To refine the assembled genome, we first incorporated RNA-Seq data to further scaffold the MaSuRCA-CABOG assembly using L_RNA_scaffolder [87]. Briefly, we mapped the de novo assembled transcriptome (for transcripts ≥ 500 bp) onto the assembled genome sequences using pblat v2.5 [88]. The mapping results in psl format were used as input for L_RNA_scaffolder. This approach yielded a more contiguous genome assembly (N50 length of scaffolds = 346.97 kb) with a better recovery of BUSCO genes (57.9%; Additional File 3: Table S25).

Next, using BlobTools v1.1.1 [89], we assessed the assembled genome for potential outlier sequences based on sequence coverage, G+C content, and shared sequence similarity to known sequences in NCBI nt database (release 243; 15 April 2021). Genome scaffolds for which the sequencing coverage or G+C content is external to the range of median ± 1.5 × interquartile range are considered as potential outliers. Scaffolds that have bacterial, archaeal, or viral sequences as the top hits plus extreme sequencing coverage or extreme G+C content are considered sequences that are putatively external to the nuclear genome of Prorocentrum cordatum. In this analysis, majority (23,366; 98.2%) of the 24,295 genome scaffolds (implicating 3.89 Gb) do not have hits in the BLAST searches (20,914 scaffolds; 2.95Mbp) or have top hits in an undefined eukaryote sequence (2452 scaffolds; 0.95Mbp); this observation is expected given the lack of dinoflagellate data in the existing databases.
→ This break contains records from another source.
(* For weighted formulas, the proof system consisting of Axiom (A), Rules (R1)–(R5), and Rule (R6w) (in place of (R6)) is sound and complete: for every finite set $\Gamma$ of sentences and every sentence $\gamma$ (with weighted formulas as components), $\Gamma\vdash\gamma$ if and only if $\Gamma\models\gamma$.
   Context: Weighted setting. Fix a finite set of atomic propositions, finite sets of binary and unary connectives; each binary $\alpha$ has an arbitrary function $f_\alpha:[0,1]^2\times\mathbb R^2\to[0,1]$ and each unary $\rho$ an arbitrary $f_\rho:[0,1]\times\mathbb R\to[0,1]$. Weighted formulas: atoms are formulas; if $\sigma_1,\sigma_2,\sigma$ are formulas and $w_1,w_2,w\in\mathbb R$ are weights, then $(\sigma_1\,\alpha\,\sigma_2,w_1,w_2)$ and $(\rho\sigma,w)$ are formulas; their subformulas are $\sigma_1,\sigma_2$ resp. $\sigma$. A model assigns values in $[0,1]$ to atoms; the value of $(\sigma_1\,\alpha\,\sigma_2,w_1,w_2)$ is $f_\alpha(s_1,s_2,w_1,w_2)$ and of $(\rho\sigma,w)$ is $f_\rho(s,w)$, where $s_1,s_2,s$ are the values of $\sigma_1,\sigma_2,\sigma$. A sentence $(\sigma_1,\ldots,\sigma_k,S)$ has pairwise distinct formulas and $S\subseteq[0,1]^k$; $M$ satisfies it iff the tuple of values of the $\sigma_i$ lies in $S$. $\Gamma\models\gamma$: every model of all of $\Gamma$ is a model of $\gamma$; $\Gamma\vdash\gamma$: $\gamma$ derivable from $\Gamma$ by: (A) $(\sigma,[0,1])$ for every formula $\sigma$. (R1) For a permutation $\pi$: from $(\sigma_1,\ldots,\sigma_k,S)$ infer $(\sigma_{\pi(1)},\ldots,\sigma_{\pi(k)},\{(s_{\pi(1)},\ldots,s_{\pi(k)}):(s_1,\ldots,s_k)\in S\})$. (R2) From $(\sigma_1,\ldots,\sigma_k,S)$ infer $(\sigma_1,\ldots,\sigma_m,S\times[0,1]^{m-k})$ (components kept distinct). (R3) From $(\sigma_1,\ldots,\sigma_k,S_1)$ and $(\sigma_1,\ldots,\sigma_k,S_2)$ infer $(\sigma_1,\ldots,\sigma_k,S_1\cap S_2)$. (R4) For $0<r<k$: from $(\sigma_1,\ldots,\sigma_k,S)$ infer $(\sigma_1,\ldots,\sigma_{k-r},\{(s_1,\ldots,s_{k-r}):(s_1,\ldots,s_k)\in S\})$. (R5) From $(\sigma_1,\ldots,\sigma_k,S)$ infer $(\sigma_1,\ldots,\sigma_k,S')$ whenever $S\subseteq S'\subseteq[0,1]^k$. (R6w) From $(\sigma_1,\ldots,\sigma_k,S)$ infer $(\sigma_1,\ldots,\sigma_k,S')$, where $S'$ is the set of $(s_1,\ldots,s_k)\in S$ such that $f_\alpha(s_i,s_j,w_1,w_2)=s_m$ whenever $\sigma_m$ is $(\sigma_i\,\alpha\,\sigma_j,w_1,w_2)$, and $f_\rho(s_i,w)=s_j$ whenever $\sigma_j$ is $(\rho\sigma_i,w)$. *)

From Stdlib Require Import Reals List Permutation FinFun.
Import ListNotations.
Open Scope R_scope.
(* Let $a\ge k\ge1$ be integers. For each $\lambda\in\mathrm{SPar}_{a,k}$ let $g_\lambda\in\mathbb Z[y_{k+1},\dots,y_a]$ be any polynomial of the form $$g_\lambda=e_{\bar\lambda-\rho_k}(y_{k+1},\dots,y_a)+\sum_{\nu}d_{\lambda,\nu}\,e_\nu(y_{k+1},\dots,y_a),$$ a finite sum over partitions $\nu$ with $|\nu|=|\bar\lambda-\rho_k|$ and $\nu\triangleright\bar\lambda-\rho_k$, with $d_{\lambda,\nu}\in\mathbb Z$. Then the family $\big(g_\lambda\cdot e_\mu(y_1,\dots,y_a)\big)_{(\lambda,\mu)\in\mathrm{SPar}_{a,k}\times\mathrm{Par}_a}$ is linearly independent over $\mathbb Z$ in $\mathbb Z[y_1,\dots,y_a]$.
   Context: $\mathrm{Par}_a$ is the set of partitions with all parts $\le a$ (including the empty partition); $\mathrm{SPar}_{a,k}$ is the set of strict partitions (pairwise distinct parts) with exactly $k$ parts, all in $\{1,\dots,a\}$. For $\lambda=(\lambda_1>\dots>\lambda_k)\in\mathrm{SPar}_{a,k}$, $\bar\lambda=(\lambda_1-1,\dots,\lambda_k-1)$, $\rho_k=(k-1,k-2,\dots,1,0)$, so $\bar\lambda-\rho_k=(\lambda_1-k,\lambda_2-k+1,\dots,\lambda_k-1)$ is a partition (possibly with zero parts). $e_r$ denotes the $r$-th elementary symmetric polynomial in the indicated variables ($e_0=1$, $e_r=0$ if $r<0$ or $r$ exceeds the number of variables), and for a sequence $\nu=(\nu_1,\nu_2,\dots)$, $e_\nu=\prod_i e_{\nu_i}$. $\triangleright$ is strict dominance: $\rho\triangleright\sigma$ iff $\rho\neq\sigma$ and $\rho_1+\dots+\rho_i\ge\sigma_1+\dots+\sigma_i$ for all $i$ (partitions of equal size, zero parts ignored). *)

From HB Require Import structures.
From mathcomp Require Import all_boot all_order all_algebra.
From mathcomp Require Import mpoly.
Set Implicit Arguments. Unset Strict Implicit. Unset Printing Implicit Defensive.
Import Order.TTheory GRing.Theory Num.Theory.
Local Open Scope ring_scope.

(* Variables y_1, ..., y_a are 'X_i for i : 'I_a (y_{j} = 'X_(j-1)). *)

Definition esub (a : nat) (S : {set 'I_a}) (r : nat) : {mpoly int[a]} :=
  \sum_(h : {set 'I_a} | (h \subset S) && (#|h| == r)%N) \prod_(i in h) 'X_i.

Definition esubseq (a : nat) (S : {set 'I_a}) (nu : seq nat) : {mpoly int[a]} :=
  \prod_(r <- nu) esub S r.

Definition allvars (a : nat) : {set 'I_a} := [set: 'I_a].
Definition tailvars (a k : nat) : {set 'I_a} := [set i : 'I_a | (k <= i)%N].

Definition is_partition (p : seq nat) : bool :=
  sorted geq p && all (fun x => 0 < x)%N p.

Definition in_Par (a : nat) (p : seq nat) : bool :=
  is_partition p && all (fun x => x <= a)%N p.

Definition in_SPar (a k : nat) (l : seq nat) : bool :=
  sorted (fun x y => y < x)%N l && (size l == k) &&
  all (fun x => (0 < x) && (x <= a))%N l.

(* bar(lambda) - rho_k = (lambda_1 - k, lambda_2 - k + 1, ..., lambda_k - 1) *)
Definition lam_shift (k : nat) (l : seq nat) : seq nat :=
  [seq (nth 0 l i - (k - i))%N | i <- iota 0 k].

Definition strip0 (p : seq nat) : seq nat := [seq x <- p | (0 < x)%N].

Definition sdominates (rho sigma : seq nat) : bool :=
  (rho != sigma) && (sumn rho == sumn sigma) &&
  [forall i : 'I_(size rho + size sigma).+1,
     (sumn (take i sigma) <= sumn (take i rho))%N].

(* Put f_l := \sum_mu c(l, mu) e_mu(y). These are symmetric, so applying a
   permutation of the variables to \sum_l g_l f_l = 0 replaces y_(k+1), ..., y_a
   in every g_l by the complement of an arbitrary k-subset u of the variables.
   Expanding g_l in the products e_t(S), t a multiset of k parts <= a - k, these
   relations read \sum_t e_t(compl u) h_t = 0 with h_t = \sum_l U_(t,l) f_l.
   The square matrix (e_t(compl u))_(u,t) is nonsingular, so every h_t vanishes.
   Since l |-> bar l - rho_k is injective and the lower terms of g_l strictly
   dominate, U is unitriangular with respect to a weight increasing along
   dominance, so every f_l vanishes. Finally the e_mu(y), mu in Par_a, are
   linearly independent by the fundamental theorem of symmetric polynomials. *)

From HB Require Import structures.
From mathcomp Require Import all_boot all_order all_algebra.
From mathcomp Require Import fingroup perm mpoly zify.
Import Order.TTheory GRing.Theory Num.Theory.
Local Open Scope ring_scope.

Section ElementarySymmetric.
Variables (a : nat) (S : {set 'I_a}).

Lemma esub_eq0 r : (#|S| < r)%N -> esub S r = 0.
Proof.
move=> ltSr; rewrite /esub big_pred0 // => A; apply/negbTE/negP => /andP[sAS /eqP cA].
by move: (subset_leq_card sAS); rewrite cA leqNgt ltSr.
Qed.

Lemma esub0 : esub S 0 = 1.
Proof.
rewrite /esub (big_pred1 set0) ?big_set0 // => A.
by rewrite cards_eq0 andb_idl // => /eqP->; rewrite sub0set.
Qed.

Lemma esubseq_perm l1 l2 : perm_eq l1 l2 -> esubseq S l1 = esubseq S l2.
Proof. exact: perm_big. Qed.

Lemma esubseq_cat l1 l2 : esubseq S (l1 ++ l2) = esubseq S l1 * esubseq S l2.
Proof. exact: big_cat. Qed.

Lemma esubseq_nseq0 m : esubseq S (nseq m 0%N) = 1.
Proof. by rewrite /esubseq big_nseq esub0 iter_fix // mulr1. Qed.

Lemma esubseq_strip0 l : esubseq S (strip0 l) = esubseq S l.
Proof.
rewrite /esubseq /strip0 big_filter big_mkcond; apply: eq_bigr => -[|r] //=.
by rewrite esub0.
Qed.

Lemma esubseq_eq0 l : ~~ all (fun r => r <= #|S|)%N l -> esubseq S l = 0.
Proof.
case/allPn => r rl; rewrite -ltnNge => ltSr.
by rewrite /esubseq (big_rem r rl) /= esub_eq0 // mul0r.
Qed.

Lemma prod_addX_esub (x : {mpoly int[a]}) :
  \prod_(s in S) ('X_s + x) = \sum_(j < #|S|.+1) x ^+ (#|S| - j) * esub S j.
Proof.
pose F (i : 'I_a) : {mpoly int[a]} := if i \in S then 'X_i else 0.
pose G (i : 'I_a) : {mpoly int[a]} := if i \in S then x else 1.
have -> : \prod_(s in S) ('X_s + x) = \prod_i (F i + G i).
  rewrite [RHS](bigID (mem S)) /= [X in _ = _ * X]big1 ?mulr1;
    last by move=> i /negbTE iS; rewrite /F /G iS add0r.
  by apply: eq_bigr => i iS; rewrite /F /G iS.
(* Expand over all subsets J of 'I_a; only J \subset S survive, grouped by #|J|. *)
rewrite bigA_distr (bigID (fun J : {set 'I_a} => J \subset S)) /=.
rewrite [X in _ + X]big1 ?addr0; last first.
  move=> J /subsetPn[i iJ iS].
  by rewrite (bigD1 i) //= iJ /F (negbTE iS) mul0r.
rewrite (partition_big (fun J : {set 'I_a} => inord #|J| : 'I_#|S|.+1) xpredT) //=.
apply: eq_bigr => j _; rewrite /esub big_distrr /=.
apply: eq_big => J.
  by apply/andb_id2l => sJS; rewrite -val_eqE /= inordK // ltnS subset_leq_card.
move=> /andP[sJS /eqP <-]; rewrite inordK ?ltnS ?subset_leq_card //.
rewrite (bigID (mem J)) /= mulrC; congr (_ * _); last first.
  by apply: eq_bigr => i iJ; rewrite iJ /F (subsetP sJS i iJ).
rewrite (bigID (mem S)) /= [X in _ * X]big1 ?mulr1; last first.
  by move=> i /andP[iJ iS]; rewrite (negbTE iJ) /G (negbTE iS).
have -> : (#|S| - #|J| = #|[set i | (i \notin J) && (i \in S)]|)%N.
  rewrite -(cardsID J S) (setIidPr sJS) addKn; apply: eq_card => i.
  by rewrite !inE andbC.
rewrite -prodr_const; apply: eq_big => i; first by rewrite inE.
by move=> /andP[iJ iS]; rewrite (negbTE iJ) /G iS.
Qed.

End ElementarySymmetric.

Lemma msym_Xi (R : comNzRingType) a (s : 'S_a) (i : 'I_a) :
  msym s ('X_i : {mpoly R[a]}) = 'X_(s i).
Proof. by rewrite /msym mmapX mmap1U. Qed.

Lemma msym_esub a (s : 'S_a) (A : {set 'I_a}) r : msym s (esub A r) = esub (s @: A) r.
Proof.
rewrite /esub raddf_sum /= (reindex (fun h : {set 'I_a} => (s^-1)%g @: h)) /=; last first.
  exists (fun h : {set 'I_a} => s @: h) => h _; rewrite -imset_comp -[RHS]imset_id;
  by apply: eq_imset => x /=; rewrite ?permKV ?permK.
apply: eq_big => h.
  rewrite card_imset; last exact: perm_inj.
  congr (_ && _); apply/idP/idP => sub.
    apply/subsetP => x xh; rewrite -(permKV s x).
    by apply: imset_f; apply: (subsetP sub); apply: imset_f.
  apply/subsetP => x /imsetP[y yh ->].
  by have /imsetP[z zA ->] := subsetP sub y yh; rewrite permK.
move=> _; rewrite rmorph_prod /= (big_imset _ (in2W (@perm_inj _ _))) /=.
by apply: eq_bigr => i _; rewrite msym_Xi permKV.
Qed.

Lemma msym_esubseq a (s : 'S_a) (A : {set 'I_a}) r :
  msym s (esubseq A r) = esubseq (s @: A) r.
Proof. by rewrite /esubseq rmorph_prod /=; apply: eq_bigr => x _; rewrite msym_esub. Qed.

Lemma exists_perm_imset {T : finType} {A B : {set T}} :
  #|A| = #|B| -> exists s : {perm T}, s @: A = B.
Proof.
move=> cAB.
pose eA := enum A ++ enum (~: A); pose eB := enum B ++ enum (~: B).
have ueA : uniq eA.
  by rewrite cat_uniq !enum_uniq /= andbT; apply/hasPn => x; rewrite !mem_enum inE => ->.
have ueB : uniq eB.
  by rewrite cat_uniq !enum_uniq /= andbT; apply/hasPn => x; rewrite !mem_enum inE => ->.
have eAx x : x \in eA by rewrite mem_cat !mem_enum inE orbN.
have szAB : size eA = size eB by rewrite !size_cat -!cardE !cardsC.
pose f x := nth x eB (index x eA).
have f_inj : injective f.
  move=> x y; rewrite /f (set_nth_default y) ?(nth_uniq y) -?szAB ?index_mem //.
  move/eqP; rewrite nth_uniq -?szAB ?index_mem // => /eqP e.
  by rewrite -(nth_index x (eAx x)) e nth_index.
exists (perm f_inj).
apply/eqP; rewrite eqEcard card_imset ?cAB ?leqnn ?andbT; last exact: perm_inj.
apply/subsetP => y /imsetP[x xA ->]; rewrite permE /f.
have xe : x \in enum A by rewrite mem_enum.
rewrite /eA index_cat xe /eB nth_cat -cardE -cAB cardE index_mem xe.
by rewrite -(mem_enum B); apply: mem_nth; rewrite -cardE -cAB cardE index_mem.
Qed.

Definition lt_tuples a k := [set u : k.-tuple 'I_a | sorted ltn (map val u)].
Definition le_tuples n k := [set t : k.-tuple 'I_n.+1 | sorted leq (map val t)].
Definition tuple_compl a k (u : k.-tuple 'I_a) : {set 'I_a} := ~: [set i in u].
Arguments tuple_compl {a k}.

Definition ord_leq n : rel 'I_n := fun x y => (x <= y)%N.

Definition sort_codom n k (phi : {ffun 'I_k -> 'I_n.+1}) : k.-tuple 'I_n.+1 :=
  insubd [tuple of nseq k ord0] (sort (@ord_leq n.+1) (codom phi)).
Arguments sort_codom {n k}.
Lemma seg_misclass_prob_few_noise Y :
  (2 * #|[set x | Y x]| < c)%N ->
  seg_misclass_prob R d c K (dict_word R K d N m Y) (test_word R K d N Y) = 0.
Proof.
move=> few; rewrite /seg_misclass_prob big1 // => u _.
have [->|tw0] := eqVneq (tiebreak_weight R d c K (dict_word R K d N m Y)
                                          (test_word R K d N Y) u) 0.
  by rewrite mul0r.
set S := [set j : 'I_c | ~~ noise_free_block l Y j].
have uS j : j \notin S -> u j = k0.
  rewrite inE negbK => /nearest_set_noise_free nj.
  by apply/set1P; rewrite -nj tiebreak_weight_support.
have winS : (2 * #|S| < c)%N.
  by apply: leq_ltn_trans few; rewrite leq_mul2l card_noisy_blocks_le orbT.
have win := winners_majority uS winS.
by rewrite (correct_given_unique_winner R (k0 := k0) erefl win) subrr mulr0.
Qed.

Lemma seg_misclass_prob_le_noise Y :
  seg_misclass_prob R d c K (dict_word R K d N m Y) (test_word R K d N Y)
    <= 2 * #|[set x | Y x]|%:R / c%:R.
Proof.
have [few|many] := ltnP (2 * #|[set x | Y x]|) c.
  by rewrite seg_misclass_prob_few_noise // divr_ge0 ?mulr_ge0 ?ler0n.
case/andP: (@seg_misclass_prob_ge0_le1 R d c K (dict_word R K d N m Y)
                                      (test_word R K d N Y)) => _ le1.
apply: le_trans le1 _.
by rewrite ler_pdivlMr ?ltr0n // mul1r -natrM ler_nat.
Qed.

Lemma modelB_misclass_prob_le (p : R) : 0 <= p <= 1 ->
  0 <= modelB_misclass_prob R d l K N p m <= 2 * K.+1%:R * (l%:R * p).
Proof.
move=> p01; apply/andP; split.
  apply: sumr_ge0 => Y _; rewrite mulr_ge0 ?noise_weight_ge0 //.
  by case/andP: (@seg_misclass_prob_ge0_le1 R d c K (dict_word R K d N m Y)
                                            (test_word R K d N Y)).
apply: le_trans (ler_sum _ (fun Y _ => ler_wpM2l (noise_weight_ge0 Y p01)
                                      (seg_misclass_prob_le_noise Y))) _.
under eq_bigr do rewrite mulrA mulrCA -mulrA.
rewrite -mulr_sumr -mulr_suml sum_noise_weight_card.
have c0 : (c%:R : R) != 0 by rewrite pnatr_eq0 -lt0n.
have dE : (d%:R : R) = c%:R * l%:R by rewrite -natrM divnK.
by rewrite natrM dE le_eqVlt; apply/orP; left; apply/eqP; field.
Qed.

End ModelB.

Theorem proposition7 (R : rcfType) (K : nat) (d l : nat -> nat) (N p : nat -> R)
    (m : forall n : nat, 'I_K -> 'I_(d n) -> R) :
  (2 <= K)%N ->
  (forall n, (0 < d n)%N /\ (0 < l n)%N /\ (l n %| d n)%N) ->
  (forall n, (K <= l n + 1)%N) ->
  (forall n, 0 < N n) ->
  (forall n, 0 < p n < 1) ->
  (forall n, modelB_means R (d n) (l n) K (m n)) ->
  (forall M : nat, exists n0, forall n, (n0 <= n)%N -> (M <= d n)%N) ->
  (forall M : nat, exists n0, forall n, (n0 <= n)%N -> (M <= l n)%N) ->
  (forall eps : R, 0 < eps ->
     exists n0, forall n, (n0 <= n)%N -> `|(l n)%:R * p n| < eps) ->
  forall eps : R, 0 < eps ->
    exists n0, forall n, (n0 <= n)%N ->
      `|modelB_misclass_prob R (d n) (l n) K (N n) (p n) (m n)| < eps.
Proof.
move=> K2 hdl _ _ hp hm _ _ hlp eps eps0.
have C0 : 0 < 2 * K.+1%:R :> R by rewrite mulr_gt0 ?ltr0n.
have [n0 lp_small] := hlp (eps / (2 * K.+1%:R)) (divr_gt0 eps0 C0).
exists n0 => n /lp_small /(le_lt_trans (ler_norm _)) lp_lt.
have [d0 [_ ld]] := hdl n.
have p01 : 0 <= p n <= 1 by case/andP: (hp n) => /ltW -> /ltW ->.
have /andP[P0 P1] := modelB_misclass_prob_le (N n) d0 ld (hm n) (ltnW K2) p01.
by rewrite ger0_norm //; apply: le_lt_trans P1 _; rewrite mulrC -ltr_pdivlMr.
Qed.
Using this approach, we identified 1571 outlier sequences and removed them from the genome assembly. Most outlier sequences do not have shared similarity to bacterial sequences in the database. This is expected given the algal cultures from which the genomic DNA was extracted were axenic. The final genome assembly [38] has a total size of 4.15 Gb (N50 length of scaffolds = 349.2 kb; Additional File 3: Table S25).

Transcriptome assembly

RNA-Seq reads from six conditions (20_ex, 20_st, 26_ex, 26_st, 30_ex and 30_st) were processed using fastp v0.21.0 [90] using parameter –g to remove adapter sequences and poly-G artifacts known in NovaSeq 6000 data. Transcriptomes were first assembled in “de novo” mode using Trinity v2.12.0 [91] independently for each condition. All de novo assembled transcripts were combined as a single assembly, from which redundant sequences were identified and removed using CD-HIT v4.8.1 [92] (98% identity; 0.9 length-difference cutoff), yielding the final representative reference transcriptome.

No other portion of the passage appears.